Across all 5 tasks with 5 participants with no fully failed tasks in the session.

4/5

4/5

Critical issues resolved

All 4 identified usability issues addressed with targeted SCAMPER-led design changes.

3 x

3 x

Design iterations

Three complete design rounds, each grounded in user feedback and validated hypotheses.

What I'd do differently
Run A/B testing on scan button placement

The SCAMPER hypothesis on scan discoverability was strong, but I'd want a second test with the new placement to validate that the 80%+ discovery target was actually achieved not just assumed.

Test with longer sessions for retention

30-minute sessions are good for task completion but calorie tracking is a habit product. I'd add a longitudinal component 5 days of actual use, then a follow-up interview to measure return rate and motivation.
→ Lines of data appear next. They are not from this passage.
(* Without the hypothesis that at most one [a i] has a degree defect the bounds
   on the [c i] fail, e.g. for [a 0 = a 1 = 1] and [e 0 = e 1 = 1]. *)
Lemma prod_except_decomposition k (a : 'I_k -> {poly K}) (e : 'I_k -> nat) :
  (forall i, a i != 0) -> (forall i, (size (a i) <= (e i).+1)%N) ->
  (forall i j, i != j -> coprimep (a i) (a j)) ->
  (forall i j, i != j -> size (a i) = (e i).+1 \/ size (a j) = (e j).+1) ->
  forall p, (size p <= \sum_(i < k) e i)%N ->
  exists c : 'I_k -> {poly K}, (forall i, (size (c i) <= e i)%N) /\
     p = \sum_(i < k) c i * prod_except a i.
Proof.
elim: k a e => [|k IH] a e nza sa cop full p sp.
  exists (fun _ => 0); split; first by case.
  by move: sp; rewrite big_ord0 size_poly_leq0 => /eqP ->; rewrite big_ord0.
set a' : 'I_k -> _ := fun i => a (lift ord0 i).
set e' : 'I_k -> nat := fun i => e (lift ord0 i).
have lift_neq i j : i != j -> lift ord0 i != lift ord0 j.
  by rewrite (inj_eq (@lift_inj _ ord0)).
have nza' i : a' i != 0 by apply: nza.
have sa' i : (size (a' i) <= (e' i).+1)%N by apply: sa.
have cop' i j : i != j -> coprimep (a' i) (a' j) by move/lift_neq; apply: cop.
have full' i j : i != j -> size (a' i) = (e' i).+1 \/ size (a' j) = (e' j).+1.
  by move/lift_neq; apply: full.
set A := \prod_(i < k) a' i; set B := a ord0.
set al := (\sum_(i < k) e' i)%N; set be := e ord0.
have [_ sA] := size_prod_leq_cond xpredT nza' sa'.
have copAB : coprimep A B.
  by apply: coprimep_prodl => i; apply: cop; rewrite eq_sym neq_lift.
have sp' : (size p <= al + be)%N by move: sp; rewrite big_ord_recl addnC.
have full0 : size A = al.+1 \/ size B = be.+1.
  have [fB|nfB] := eqVneq (size B) be.+1; [by right | left].
  apply: size_prod_cond => i; have := full ord0 (lift ord0 i) (neq_lift _ _).
  by case=> // hB; rewrite hB eqxx in nfB.
have [c0 [w [sc0 sw ep]]] := coprimep_bezout_size_either copAB sA (sa ord0) full0 sp'.
have [c' [sc' ew]] := IH a' e' nza' sa' cop' full' w sw.
exists (fun i => if unlift ord0 i is Some j then c' j else c0); split.
  by move=> i; case: (unliftP ord0 i) => [j ->|->] /=; rewrite ?liftK ?unlift_none.
rewrite big_ord_recl /= unlift_none prod_except0 -/A ep; congr (_ + _).
rewrite ew mulr_suml; apply: eq_bigr => i _.
by rewrite liftK prod_except_lift -/B mulrCA mulrC.
Qed.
Explore more complex meal logging

The servings/toppings fix addresses the immediate issue. But users with complex dietary needs (macro tracking, medical diets) need even more granularity that's a follow-up design challenge worth exploring.

Test the rewards mechanic deeper

Users loved rewards in testing, but behavioral economics research suggests the system needs careful tuning rewards that feel too easy to unlock lose motivational power fast. A variable ratio schedule needs real-world validation.